3.3. En l'espèce, le recourant ne revient pas sur les calculs du Service de l'assistance juridique et son préavis. Il prétend qu'au vu des preuves de paiement d'impôt apportées, supérieures au disponible mensuel calculé, il avait droit à la désignation d'un avocat d'office.

Or, force est de constater que les pièces bancaires produites ne constituent pas une preuve de paiement effectif par la banque, comme cela est du reste indiqué en bas des documents : "Toutes les informations sont données sans aucune garantie.

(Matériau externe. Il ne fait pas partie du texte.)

(* In the PIR-PSI under a storage constraint problem described in the context, fix $N$, $K$ and the cache size $S$. Among all caching schemes, i.e., all $M$ with $S\le M\le K$ and all $(r_1,\dots,r_M)\in[0,1]^M$ with $\sum_{i=1}^M r_i=S$, the uniform caching scheme with $M=K$ (caching the first $\frac{S}{K}L$ symbols of every message) achieves the lowest optimal normalized download cost.
   Context: Model: $N$ non-communicating databases each store the same $K$ independent messages $W_1,\dots,W_K$ of $L$ symbols each. The user has a cache of $SL$ symbols, $S\in[0,K]$. It accesses a random set $\mathbb{H}$ of $M$ messages ($S\le M\le K$) and caches the first $Lr_i$ symbols of the $i$-th accessed message, $\sum_i r_i=S$. The databases know $M$ and $(r_1,\dots,r_M)$ but not $\mathbb{H}$. The user wants $W_\theta$, sends queries independent of the messages, each database answers with a deterministic function of its query and the messages; the user must decode $W_\theta$ with error entropy $o(L)$, and each database's joint distribution of (query, answer, messages) must not depend on $(\theta,\mathbb{H})$. Download $D=\sum_n H(A_n)$, and $D^*=\inf D/L$ over achievable schemes; for a caching scheme with $r_1\ge\dots\ge r_M$, $D^*=1+\frac1N+\dots+\frac1{N^{K-1-M}}+\sum_{j=1}^{M}\frac{1-r_j}{N^{K-j}}$. *)

From HB Require Import structures.
From mathcomp Require Import all_boot all_order all_algebra.
Set Implicit Arguments. Unset Strict Implicit. Unset Printing Implicit Defensive.
Import Order.TTheory GRing.Theory Num.Theory.
Local Open Scope ring_scope.

(* Optimal normalized download cost D* of the PIR-PSI problem under a storage
   constraint, for N databases, K messages and a caching scheme given by the
   sequence r = (r_1,...,r_M) of cached fractions (M = size r).  The paper's
   formula assumes r_1 >= ... >= r_M; for an arbitrary r we first sort it in
   nonincreasing order (the cost depends only on the multiset of fractions).        *)
Definition Dstar {R : realFieldType} (N K : nat) (r : seq R) : R :=
  let rs := sort (fun x y : R => y <= x) r in
  \sum_(i < K - size r) (N%:R ^+ i)^-1
  + \sum_(j < size r) (1 - nth 0 rs j) / N%:R ^+ (K - j.+1).

Definition uniform_scheme {R : realFieldType} (K : nat) (S : R) : seq R :=
  nseq K (S / K%:R).

(* Sorting the cached fractions decreasingly and padding with zeros, the cost
   of any scheme is sum_j w_j (1 - x_j) over the K positions, with weights
   w_j = N^-(K-j-1) nondecreasing in j and fractions x_j nonincreasing in j.
   Chebyshev's sum inequality for such oppositely ordered sequences gives
   sum_j w_j x_j <= (sum_j w_j) (sum_j x_j) / K = (sum_j w_j) S / K, and the
   right-hand side is exactly what the uniform scheme subtracts. *)

From HB Require Import structures.
From mathcomp Require Import all_boot all_order all_algebra.
From mathcomp Require Import zify ring.
Import Order.TTheory GRing.Theory Num.Theory.
Local Open Scope ring_scope.

Section ChebyshevSum.
Context {R : numDomainType}.
Implicit Types w x : nat -> R.

Lemma sum_pairs_mul_diff n w x :
  \sum_(i < n) \sum_(j < n) (w i - w j) * (x i - x j) =
  (n%:R * \sum_(j < n) w j * x j - (\sum_(j < n) w j) * \sum_(j < n) x j) *+ 2.
Proof.
have expand (i j : 'I_n) : (w i - w j) * (x i - x j) =
    (w i * x i + w j * x j) - (w i * x j + w j * x i) by ring.
under eq_bigr => i _ do rewrite (eq_bigr _ (fun j _ => expand i j)) sumrB
  !big_split /= sumr_const card_ord -mulr_sumr -mulr_suml.
rewrite sumrB !big_split /= sumr_const card_ord sumrMnl -mulr_suml -mulr_sumr.
ring.
Qed.

Lemma chebyshev_sum_le (n : nat) {w x : nat -> R} :
  {homo w : i j / (i <= j)%N >-> i <= j} ->
  {homo x : i j / (i <= j)%N >-> j <= i} ->
  n%:R * \sum_(j < n) w j * x j <= (\sum_(j < n) w j) * \sum_(j < n) x j.
Proof.
move=> w_homo x_homo.
have opposite i j : (w i - w j) * (x i - x j) <= 0.
  have [ij|/ltnW ji] := leqP i j.
    by rewrite mulr_le0_ge0 ?subr_le0 ?subr_ge0 ?w_homo ?x_homo.
  by rewrite mulr_ge0_le0 ?subr_le0 ?subr_ge0 ?w_homo ?x_homo.
have : \sum_(i < n) \sum_(j < n) (w i - w j) * (x i - x j) <= 0.
  by apply: sumr_le0 => i _; apply: sumr_le0.
by rewrite sum_pairs_mul_diff pmulrn_lle0 // subr_le0.
Qed.

End ChebyshevSum.

Lemma sum_nth_padded (V : nmodType) (s : seq V) (K : nat) :
  (size s <= K)%N -> \sum_(j < K) nth 0 s j = \sum_(v <- s) v.
Proof.
move=> sK; rewrite -(subnKC sK) big_split_ord /= [X in _ + X]big1 ?addr0.
  by rewrite (big_nth 0) big_mkord.
by move=> j _; rewrite nth_default // leq_addr.
Qed.

Lemma nondecreasing_inv_expr_subn {R : numFieldType} {a : R} (K : nat) :
  1 <= a -> {homo (fun j => (a ^+ (K - j.+1))^-1) : i j / (i <= j)%N >-> i <= j}.
Proof.
move=> a1 i j ij; have a0 : 0 < a by apply: lt_le_trans a1.
rewrite lef_pV2 ?posrE ?exprn_gt0 // ler_weXn2l //; lia.
Qed.

Local Notation sort_ge := (sort (fun x y => y <= x)).

Lemma nth_sort_ge_nonincreasing {R : realDomainType} {s : seq R} :
  all (>= 0) s -> {homo nth 0 (sort_ge s) : i j / (i <= j)%N >-> j <= i}.
Proof.
move=> /allP s_ge0 i j ij.
have [jlt|jge] := ltnP j (size (sort_ge s)); last first.
  rewrite [nth 0 _ j]nth_default //; have [ilt|ige] := ltnP i (size (sort_ge s)).
    by rewrite s_ge0 // -(mem_sort (fun x y => y <= x)) mem_nth.
  by rewrite nth_default.
have ge_trans : transitive (fun x y : R => y <= x).
  by move=> a b c /= ba cb; apply: le_trans cb ba.
have ge_total : total (fun x y : R => y <= x) by move=> a b; apply: le_total.
apply: (sorted_leq_nth ge_trans (@lexx _ R) 0 (sort_sorted ge_total s)) => //.
by rewrite inE (leq_ltn_trans ij).
Qed.

Lemma Dstar_padded (R : realFieldType) (N K : nat) (r : seq R) :
  (size r <= K)%N ->
  Dstar N K r = \sum_(j < K) (N%:R ^+ (K - j.+1))^-1 *
                  (1 - nth 0 (sort_ge r) j).
Proof.
move=> rK; set x := nth 0 _; pose w j : R := (N%:R ^+ (K - j.+1))^-1.
have x_pad j : (size r <= j)%N -> x j = 0.
  by move=> ?; rewrite /x nth_default // size_sort.
rewrite /Dstar -(big_mkord xpredT (fun j => w j * (1 - x j))).
rewrite (big_cat_nat (leq0n _) rK) /= big_mkord addrC.
congr (_ + _); last by apply: eq_bigr => j _; rewrite mulrC.
(* The uncached positions M <= j < K give the geometric part of D*, reversed. *)
rewrite (eq_big_nat _ _ (F2 := w)); last first.
  by move=> j /andP[rj _]; rewrite x_pad // subr0 mulr1.
have shift (F : nat -> R) :
    \sum_(size r <= i < K) F i = \sum_(i < K - size r) F (i + size r)%N.
  by rewrite -{1}[size r]add0n big_addn big_mkord.
rewrite big_nat_rev shift.
by apply: eq_bigr => -[j ?] _; rewrite /w /=; congr (_ ^- _); lia.
Qed.

Lemma Dstar_uniform (R : realFieldType) (N K : nat) (S : R) :
  Dstar N K (uniform_scheme K S) =
  \sum_(j < K) (N%:R ^+ (K - j.+1))^-1 * (1 - S / K%:R).
Proof.
rewrite Dstar_padded ?size_nseq //; apply: eq_bigr => -[j jK] _ /=.
set s := sort _ _; have : s`_j \in s by rewrite mem_nth // size_sort size_nseq.
by rewrite mem_sort mem_nseq => /andP[_ /eqP ->].
Qed.

Theorem corollary3 (R : realFieldType) (N K : nat) (S : R) (M : nat)
    (r : M.-tuple R) :
  (1 <= N)%N ->
  0 <= S -> S <= K%:R ->
  S <= M%:R -> (M <= K)%N ->
  (forall i : 'I_M, 0 <= tnth r i <= 1) ->
  \sum_(i < M) tnth r i = S ->
  Dstar N K (uniform_scheme K S) <= Dstar N K r.
Proof.
move=> N1 _ _ _ MK r01 rS.
have rK : (size r <= K)%N by rewrite size_tuple.
rewrite Dstar_uniform Dstar_padded //.
set x := nth 0 _.
have r_ge0 : all (>= 0) r by apply/allP => _ /tnthP[i ->]; case/andP: (r01 i).
have sum_x : \sum_(j < K) x j = S.
  rewrite sum_nth_padded ?size_sort // (perm_big _ (permEl (perm_sort _ _))).
  by rewrite -rS big_tuple.
have N1R : 1 <= N%:R :> R by rewrite ler1n.
have := chebyshev_sum_le K (nondecreasing_inv_expr_subn K N1R)
  (nth_sort_ge_nonincreasing r_ge0).
rewrite /= sum_x; have [->|K0] := posnP K; first by rewrite !big_ord0.
rewrite -ler_pdivlMl ?ltr0n // => cheb.
under eq_bigr do rewrite mulrBr mulr1; rewrite sumrB -mulr_suml.
under [X in _ <= X]eq_bigr do rewrite mulrBr mulr1; rewrite sumrB.
by rewrite lerD2l lerN2 mulrA mulrC.
Qed.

Ceci n'est pas une confirmation d'exécution".

Un ordre de paiement par e-banking ne vaut en effet pas exécution dudit paiement par la banque.

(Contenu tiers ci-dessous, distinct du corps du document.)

(* Let $(U_n)_{n\in\mathbb N}$ and $(V_n)_{n\in\mathbb N}$ be sequences of real-valued uniformly integrable random variables with $U_n\le V_n$ almost surely for all $n$. Assume $V_n\to V$ in distribution for some random variable $V$. If $\mathbb E[U_n]\to\mathbb E[V]$, then $U_n\to V$ in distribution as $n\to\infty$. *)

From HB Require Import structures.
From mathcomp Require Import all_boot all_order all_algebra.
From mathcomp Require Import all_classical all_reals all_analysis.
Set Implicit Arguments. Unset Strict Implicit. Unset Printing Implicit Defensive.
Import Order.TTheory GRing.Theory Num.Theory.
Import numFieldNormedType.Exports.
Local Open Scope classical_set_scope.
Local Open Scope ring_scope.

Definition unif_integrable d (T : measurableType d) (R : realType)
    (P : probability T R) (X : nat -> {RV P >-> R}) : Prop :=
  forall eps : R, 0 < eps -> exists K : R, forall n : nat,
    let A := [set w | K < `|X n w|] in
    (\int[P]_(w in A) (`|X n w|)%:E <= eps%:E)%E.

Definition cvg_in_distribution d (T : measurableType d) d' (T' : measurableType d')
    (R : realType) (P : probability T R) (P' : probability T' R)
    (X : nat -> {RV P >-> R}) (Y : {RV P' >-> R}) : Prop :=
  forall f : R -> R, continuous f -> (exists M : R, forall x, `|f x| <= M) ->
    ((fun n => 'E_P[f \o X n]) @ \oo --> 'E_P'[f \o Y])%E.

From HB Require Import structures.
From mathcomp Require Import all_boot all_order all_algebra.
From mathcomp Require Import all_classical all_reals all_analysis.
From mathcomp Require Import measurable_realfun lra.
Import Order.TTheory GRing.Theory Num.Theory.
Import numFieldNormedType.Exports.
Set Implicit Arguments. Unset Strict Implicit. Unset Printing Implicit Defensive.
Local Open Scope classical_set_scope.
Local Open Scope ring_scope.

Partant, les pièces en question ne sauraient remettre en question l'appréciation du Service de l'assistance juridique et du Tribunal correctionnel selon laquelle le recourant dispose des moyens nécessaires pour assurer par ses propres moyens les honoraires de son défenseur.

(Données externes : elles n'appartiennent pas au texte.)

Section EnvelopingInduction.
Variables (k : fieldType) (A : algType k) (P : A -> Prop).
Hypotheses (P1 : P 1) (PD : forall x y, P x -> P y -> P (x + y))
  (PZ : forall (c : k) x, P x -> P (c *: x)) (PM : forall x y, P x -> P y -> P (x * y)).

Definition subalg_pred : pred A := fun x => `[< P x >].

Lemma subalg_pred_closed : GRing.subsemialg_closed subalg_pred.
Proof.
have P0 : P 0 by rewrite -(scale0r (1 : A)); apply: PZ.
split; [exact/asboolP | split; first exact/asboolP | |].
- by move=> u v /asboolP Pu /asboolP Pv; apply/asboolP/PD.
- by move=> c u /asboolP Pu; apply/asboolP/PZ.
- by move=> u v /asboolP Pu /asboolP Pv; apply/asboolP/PM.
Qed.

Record subalg : Type := Subalg { subalg_val :> A; _ : subalg_pred subalg_val }.
HB.instance Definition _ := [isSub for subalg_val].
HB.instance Definition _ := [Choice of subalg by <:].
HB.instance Definition _ := GRing.isSubalgClosed.Build k A subalg_pred subalg_pred_closed.
HB.instance Definition _ := [SubChoice_isSubAlgebra of subalg by <:].

Lemma a_rels_subalg (a b c : subalg) : a_rels (val a) (val b) (val c) -> a_rels a b c.
Proof.
by case=> hp hm; split; apply: val_inj; rewrite /= ?(rmorphB, rmorphM, rmorphMn, rmorphN).
Qed.

Lemma sl2_rels_subalg (a b c : subalg) :
  sl2_rels (val a) (val b) (val c) -> sl2_rels a b c.
Proof.
case=> /a_rels_subalg ha hc; split=> //.
by apply: val_inj; rewrite /= ?(rmorphB, rmorphM).
Qed.

(* Every element lies in the subalgebra of elements satisfying [P]: the
   universal property yields a map into that subalgebra, and its composite
   with the inclusion must be the identity. *)
Lemma enveloping_ind (rels : forall B : algType k, B -> B -> B -> Prop) (H Xm Xp : A) :
  is_enveloping rels H Xm Xp ->
  (forall a b c : subalg, rels A (val a) (val b) (val c) -> rels subalg a b c) ->
  P H -> P Xm -> P Xp -> forall x, P x.
Proof.
move=> [relsA univ] rels_sub PH PXm PXp x.
have mk y : P y -> subalg_pred y by move=> Py; apply/asboolP.
pose sH := Subalg (mk _ PH); pose sXm := Subalg (mk _ PXm); pose sXp := Subalg (mk _ PXp).
have [[f [[fD fZ fM f1] fH fXm fXp]] _] := univ _ sH sXm sXp (rels_sub sH sXm sXp relsA).
have valf_hom : alg_hom (fun y => val (f y)).
  split=> [y z|c y|y z|]; by rewrite ?fD ?fZ ?fM ?f1 ?rmorphD ?linearZ ?rmorphM ?rmorph1.
have id_hom : alg_hom (fun y : A => y) by [].
have [_ uniq] := univ A H Xm Xp relsA.
rewrite -(uniq _ _ valf_hom (congr1 val fH) (congr1 val fXm) (congr1 val fXp)
  id_hom erefl erefl erefl x).
exact/asboolP/(valP (f x)).
Qed.

Lemma Ua_ind (H Xm Xp : A) : is_Ua H Xm Xp -> P H -> P Xm -> P Xp -> forall x, P x.
Proof.
by move=> HA; apply: (enveloping_ind (rels := @a_rels k) HA); exact: a_rels_subalg.
Qed.

Lemma Usl2_ind (H Xm Xp : A) : is_Usl2 H Xm Xp -> P H -> P Xm -> P Xp -> forall x, P x.
Proof.
by move=> HA; apply: (enveloping_ind (rels := @sl2_rels k) HA); exact: sl2_rels_subalg.
Qed.
End EnvelopingInduction.

Lemma sum_mulrb_eq (V : nmodType) (F : nat -> V) (N m : nat) :
  \sum_(0 <= l < N) F l *+ (l == m) = F m *+ (m < N)%N.
Proof.
rewrite mulrb -(@big_ord1_eq V 0 +%R F m N) [RHS]big_mkcond big_mkord.
by apply: eq_bigr => l _; rewrite mulrb.
Qed.

Section IrreducibleSl2.
Variables (k : fieldType) (n : nat).
Local Notation N := n.+1.

Definition mx_of (G : nat -> nat -> k) : 'M[k]_N := \matrix_(i, j) G i j.

Lemma eq_mx_of G1 G2 :
  (forall i j, (i < N)%N -> (j < N)%N -> G1 i j = G2 i j) -> mx_of G1 = mx_of G2.
Proof. by move=> eqG; apply/matrixP => i j; rewrite !mxE eqG. Qed.

Lemma mx_ofD G1 G2 : mx_of G1 + mx_of G2 = mx_of (fun i j => G1 i j + G2 i j).
Proof. by apply/matrixP => i j; rewrite !mxE. Qed.

Lemma mx_ofN G : - mx_of G = mx_of (fun i j => - G i j).
Proof. by apply/matrixP => i j; rewrite !mxE. Qed.

Lemma mx_ofZ (c : k) G : c *: mx_of G = mx_of (fun i j => c * G i j).
Proof. by apply/matrixP => i j; rewrite !mxE. Qed.

Lemma mx_ofMn G m : mx_of G *+ m = mx_of (fun i j => G i j *+ m).
Proof. by apply/matrixP => i j; rewrite mulmxnE !mxE. Qed.

Lemma mx_ofM G1 G2 :
  mx_of G1 * mx_of G2 = mx_of (fun i j => \sum_(0 <= l < N) G1 i l * G2 l j).
Proof.
by apply/matrixP => i j; rewrite -mulmxE !mxE big_mkord; apply: eq_bigr => l _; rewrite !mxE.
Qed.

Lemma mx_of1 : 1 = mx_of (fun i j => (i == j)%:R).
Proof. by apply/matrixP => i j; rewrite !mxE. Qed.

Definition irr_wt (i : nat) : k := (n%:Z - (i%:Z *+ 2))%:~R.
Definition irr_raise (i : nat) : k := (i.+1%:Z * (n%:Z - i.+1%:Z + 1))%:~R.

Definition irrH := mx_of (fun i j => irr_wt i *+ (j == i)).
Definition irrF := mx_of (fun i j => (i == j.+1)%:R).
Definition irrE := mx_of (fun i j => irr_raise i *+ (j == i.+1)).

Lemma irr_raise_top : irr_raise n = 0.
Proof. by rewrite /irr_raise; ring. Qed.

Lemma irrH_mull G : irrH * mx_of G = mx_of (fun i j => irr_wt i * G i j).
Proof.
rewrite mx_ofM; apply: eq_mx_of => i j lt_iN _.
under eq_bigr do rewrite mulrnAl.
by rewrite (sum_mulrb_eq (fun l => irr_wt i * G l j)) lt_iN.
Qed.

Lemma irrF_mull G :
  irrF * mx_of G = mx_of (fun i j => if i is i'.+1 then G i' j else 0).
Proof.
rewrite mx_ofM; apply: eq_mx_of => -[|i] j lt_iN _; under eq_bigr do rewrite mulr_natl.
  by apply: big1 => l _; exact: mulr0n.
under eq_bigr do rewrite eqSS eq_sym.
by rewrite (sum_mulrb_eq (fun l => G l j)) ltnW.
Qed.

(* No range condition is needed on the right: [irr_raise n = 0]. *)
Lemma irrE_mull G : irrE * mx_of G = mx_of (fun i j => irr_raise i * G i.+1 j).
Proof.
rewrite mx_ofM; apply: eq_mx_of => i j lt_iN _.
under eq_bigr do rewrite mulrnAl.
rewrite (sum_mulrb_eq (fun l => irr_raise i * G l j)).
case: ltnP => [_|le_Ni]; first exact: mulr1n.
have -> : i = n by lia.
by rewrite irr_raise_top !mul0r mul0rn.
Qed.

Lemma irrHE : irrH * irrE - irrE * irrH = irrE *+ 2.
Proof.
rewrite irrH_mull [irrE * irrH]irrE_mull /irrE mx_ofN mx_ofD mx_ofMn.
apply: eq_mx_of => i j _ _.
case: (j == i.+1); rewrite ?mulr0n ?mulr1n ?mulr0 ?subr0 ?mul0rn //.
by rewrite /irr_wt /irr_raise; ring.
Qed.

Lemma irrHF : irrH * irrF - irrF * irrH = - (irrF *+ 2).
Proof.
rewrite irrH_mull [irrF * irrH]irrF_mull /irrF mx_ofN mx_ofD mx_ofMn mx_ofN.
apply: eq_mx_of => -[|i] j _ _ /=; first by rewrite mulr0 subr0 mul0rn oppr0.
rewrite eqSS [j == i]eq_sym.
case: (i == j); rewrite ?mulr0n ?mulr1n ?mulr0 ?subr0 ?mul0rn ?oppr0 //.
by rewrite /irr_wt; ring.
Qed.

Lemma irrEF : irrE * irrF - irrF * irrE = irrH.
Proof.
rewrite irrE_mull [irrF * irrE]irrF_mull /irrH mx_ofN mx_ofD.
apply: eq_mx_of => -[|i] j _ _ /=; rewrite eqSS [j == _]eq_sym.
  by case: (0 == j); rewrite ?mulr0n ?mulr1n ?mulr0 ?subr0 // /irr_raise /irr_wt; ring.
by case: (i.+1 == j); rewrite ?mulr0n ?mulr1n ?mulr0 ?subr0 // /irr_raise /irr_wt; ring.
Qed.

Lemma irr_sl2_rels : sl2_rels irrH irrF irrE.
Proof. by split; [split; [exact: irrHE | exact: irrHF] | exact: irrEF]. Qed.

Fixpoint raise_prod (i c : nat) : k :=
  if c is c'.+1 then irr_raise i * raise_prod i.+1 c' else 1.

Lemma irrH_exp_mull b G :
  irrH ^+ b * mx_of G = mx_of (fun i j => irr_wt i ^+ b * G i j).
Proof.
elim: b => [|b IH].
  by rewrite expr0 mul1r; apply: eq_mx_of => i j _ _; rewrite expr0 mul1r.
by rewrite exprS -mulrA IH irrH_mull; apply: eq_mx_of => i j _ _; rewrite exprS mulrA.
Qed.

Lemma irrF_exp_mull a G :
  irrF ^+ a * mx_of G = mx_of (fun i j => G (i - a)%N j *+ (a <= i)%N).
Proof.
elim: a => [|a IH].
  by rewrite expr0 mul1r; apply: eq_mx_of => i j _ _; rewrite subn0 leq0n mulr1n.
rewrite exprS -mulrA IH irrF_mull; apply: eq_mx_of => -[|i] j _ _.
  by rewrite ltn0 mulr0n.
by rewrite subSS ltnS.
Qed.

Lemma irrE_exp_mull c G :
  irrE ^+ c * mx_of G = mx_of (fun i j => raise_prod i c * G (i + c)%N j).
Proof.
elim: c G => [|c IH] G.
  by rewrite expr0 mul1r; apply: eq_mx_of => i j _ _; rewrite mul1r addn0.
by rewrite exprS -mulrA IH irrE_mull; apply: eq_mx_of => i j _ _; rewrite /= addSnnS mulrA.
Qed.

Lemma irr_monomial a b c :
  irrF ^+ a * irrH ^+ b * irrE ^+ c = mx_of (fun i j =>
    (irr_wt (i - a) ^+ b * (raise_prod (i - a) c * ((i - a + c)%N == j)%:R)) *+ (a <= i)%N).
Proof.
by rewrite -mulrA -[irrE ^+ c]mulr1 mx_of1 irrE_exp_mull irrH_exp_mull irrF_exp_mull.
Qed.

Lemma irr_wt0 : irr_wt 0 = n%:R.
Proof. by rewrite /irr_wt; ring. Qed.

Lemma raise_prod_neq0 : [pchar k] =i pred0 ->
  forall i c, (i + c <= n)%N -> raise_prod i c != 0.
Proof.
move=> /pcharf0P char0 i c; elim: c i => [|c IH] i le_icn /=; first exact: oner_neq0.
rewrite mulf_neq0 ?IH ?addSnnS //.
have [d def_n] : exists d, n = (i + d).+1 by exists (n - i.+1)%N; lia.
have -> : irr_raise i = (i.+1 * d.+1)%:R by rewrite /irr_raise def_n; ring.
by rewrite char0.
Qed.
End IrreducibleSl2.

Arguments mx_of {k} n G.
Arguments irr_wt {k} n i.
Arguments irr_raise {k} n i.
Arguments irrH {k} n.
Arguments irrF {k} n.
Arguments irrE {k} n.
Arguments raise_prod {k} n i c.

Section Sl2Spanning.
Variables (k : fieldType) (A : algType k) (Hs Fs Es : A).
Hypothesis HA : is_Usl2 Hs Fs Es.

Definition sl2_mon (a b c : nat) : A := Fs ^+ a * Hs ^+ b * Es ^+ c.

Definition sl2_comb (M : nat) (g : nat -> nat -> nat -> k) : A :=
  \sum_(0 <= a < M) \sum_(0 <= b < M) \sum_(0 <= c < M) g a b c *: sl2_mon a b c.

Definition sl2_spanned (y : A) : Prop := exists M g, y = sl2_comb M g.

Lemma sl2_comb_widen M M' g : (M <= M')%N ->
  sl2_comb M g = sl2_comb M' (fun a b c => g a b c *+ [&& a < M, b < M & c < M]%N).
Proof.
move=> le_MM'; rewrite /sl2_comb (big_nat_widen _ _ _ _ _ le_MM') big_mkcond /=.
apply: eq_bigr => a _; case: (a < M)%N; last first.
  by rewrite big1 // => b _; rewrite big1 // => c _; rewrite mulr0n scale0r.
rewrite (big_nat_widen _ _ _ _ _ le_MM') big_mkcond /=; apply: eq_bigr => b _.
case: (b < M)%N; last by rewrite big1 // => c _; rewrite mulr0n scale0r.
rewrite (big_nat_widen _ _ _ _ _ le_MM') big_mkcond /=; apply: eq_bigr => c _.
by case: (c < M)%N; rewrite ?mulr1n ?mulr0n ?scale0r.
Qed.

Lemma sl2_spanned0 : sl2_spanned 0.
Proof. by exists 0%N, (fun _ _ _ => 0); rewrite /sl2_comb big_geq. Qed.

Lemma sl2_spannedD x y : sl2_spanned x -> sl2_spanned y -> sl2_spanned (x + y).
Proof.
move=> [M1 [g1 ->]] [M2 [g2 ->]].
rewrite (sl2_comb_widen g1 (leq_maxl M1 M2)) (sl2_comb_widen g2 (leq_maxr M1 M2)).
set g1' := fun a b c => _; set g2' := fun a b c => _.
exists (maxn M1 M2), (fun a b c => g1' a b c + g2' a b c).
rewrite /sl2_comb -big_split; apply: eq_bigr => a _; rewrite -big_split.
by apply: eq_bigr => b _; rewrite -big_split; apply: eq_bigr => c _; rewrite scalerDl.
Qed.

Lemma sl2_spannedZ (r : k) x : sl2_spanned x -> sl2_spanned (r *: x).
Proof.
move=> [M [g ->]]; exists M, (fun a b c => r * g a b c).
rewrite /sl2_comb scaler_sumr; apply: eq_bigr => a _; rewrite scaler_sumr.
by apply: eq_bigr => b _; rewrite scaler_sumr; apply: eq_bigr => c _; rewrite scalerA.
Qed.

Lemma sl2_spannedB x y : sl2_spanned x -> sl2_spanned y -> sl2_spanned (x - y).
Proof. by move=> Sx Sy; rewrite -scaleN1r; apply/sl2_spannedD/sl2_spannedZ. Qed.

Lemma sl2_spannedMn x m : sl2_spanned x -> sl2_spanned (x *+ m).
Proof. by rewrite -scaler_nat; apply: sl2_spannedZ. Qed.

Lemma sl2_spanned_mon a b c : sl2_spanned (sl2_mon a b c).
Proof.
pose M := (a + b + c).+1.
exists M, (fun a' b' c' => (a' == a)%:R * (b' == b)%:R * (c' == c)%:R); rewrite /sl2_comb.
under eq_bigr => a' _ do under eq_bigr => b' _ do
  under eq_bigr => c' _ do rewrite -!scalerA !scaler_nat.
under eq_bigr => a' _ do under eq_bigr => b' _ do
  rewrite !sumrMnl (sum_mulrb_eq (fun c' => sl2_mon a' b' c')).
under eq_bigr => a' _ do
  rewrite sumrMnl (sum_mulrb_eq (fun b' => sl2_mon a' b' c *+ (c < M)%N)).
rewrite (sum_mulrb_eq (fun a' => sl2_mon a' b c *+ (c < M)%N *+ (b < M)%N)).
have [lt_aM lt_bM lt_cM] : [/\ a < M, b < M & c < M]%N by rewrite /M; split; lia.
by rewrite lt_aM lt_bM lt_cM !mulr1n.
Qed.
Lemma sl2_spanned_mull x z :
  (forall a b c, sl2_spanned (x * sl2_mon a b c)) -> sl2_spanned z -> sl2_spanned (x * z).
Proof.
move=> Smon [M [g ->]]; rewrite /sl2_comb mulr_sumr.
apply: big_ind => [||a _]; [exact: sl2_spanned0 | exact: sl2_spannedD |].
rewrite mulr_sumr; apply: big_ind => [||b _]; [exact: sl2_spanned0 | exact: sl2_spannedD |].
rewrite mulr_sumr; apply: big_ind => [||c _]; [exact: sl2_spanned0 | exact: sl2_spannedD |].
by rewrite -scalerAr; apply/sl2_spannedZ/Smon.
Qed.

Lemma sl2_HF : Hs * Fs = Fs * Hs - Fs *+ 2.
Proof. by case: HA => -[[_ HF] _] _; rewrite -HF addrC subrK. Qed.

Lemma sl2_EH : Es * Hs = Hs * Es - Es *+ 2.
Proof. by case: HA => -[[HE _] _] _; rewrite -HE opprB addrC subrK. Qed.

Lemma sl2_EF : Es * Fs = Fs * Es + Hs.
Proof. by case: HA => -[_ EF] _; rewrite -EF addrC subrK. Qed.

Lemma sl2_spanned_Fl z : sl2_spanned z -> sl2_spanned (Fs * z).
Proof.
by apply: sl2_spanned_mull => a b c; rewrite /sl2_mon !mulrA -exprS; apply: sl2_spanned_mon.
Qed.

4. Le recours sera dès lors rejeté.

5. Le présent arrêt sera rendu sans frais (art. 20 RAJ).

* * * * *


 

 

PAR CES MOTIFS,
LA COUR :


Rejette le recours dans la mesure de sa recevabilité.

Laisse les frais de la procédure de recours à la charge de l'État.

Notifie le présent arrêt ce jour, en copie, au recourant, soit pour lui son conseil, au Tribunal correctionnel et au Ministère public.

Siégeant :

Madame Corinne CHAPPUIS BUGNON, présidente; Monsieur Christian COQUOZ et Madame Daniela CHIABUDINI, juges; Monsieur Xavier VALDES, greffier.

 

Le greffier :

Xavier VALDES

 

La présidente :

Corinne CHAPPUIS BUGNON

 

 

 

 

Voie de recours :

 

Le Tribunal fédéral connaît, comme juridiction ordinaire de recours, des recours en matière pénale au sens de l'art. 78 de la loi sur le Tribunal fédéral du 17 juin 2005 (LTF; RS 173.110); la qualité et les autres conditions pour interjeter recours sont déterminées par les art. 78 à 81 et 90 ss LTF. Le recours doit être formé dans les trente jours qui suivent la notification de l'expédition complète de l'arrêt attaqué.

 

Le recours doit être adressé au Tribunal fédéral, 1000 Lausanne 14. Les mémoires doivent être remis au plus tard le dernier jour du délai, soit au Tribunal fédéral soit, à l'attention de ce dernier, à La Poste Suisse ou à une représentation diplomatique ou consulaire suisse (art. 48 al. 1 LTF).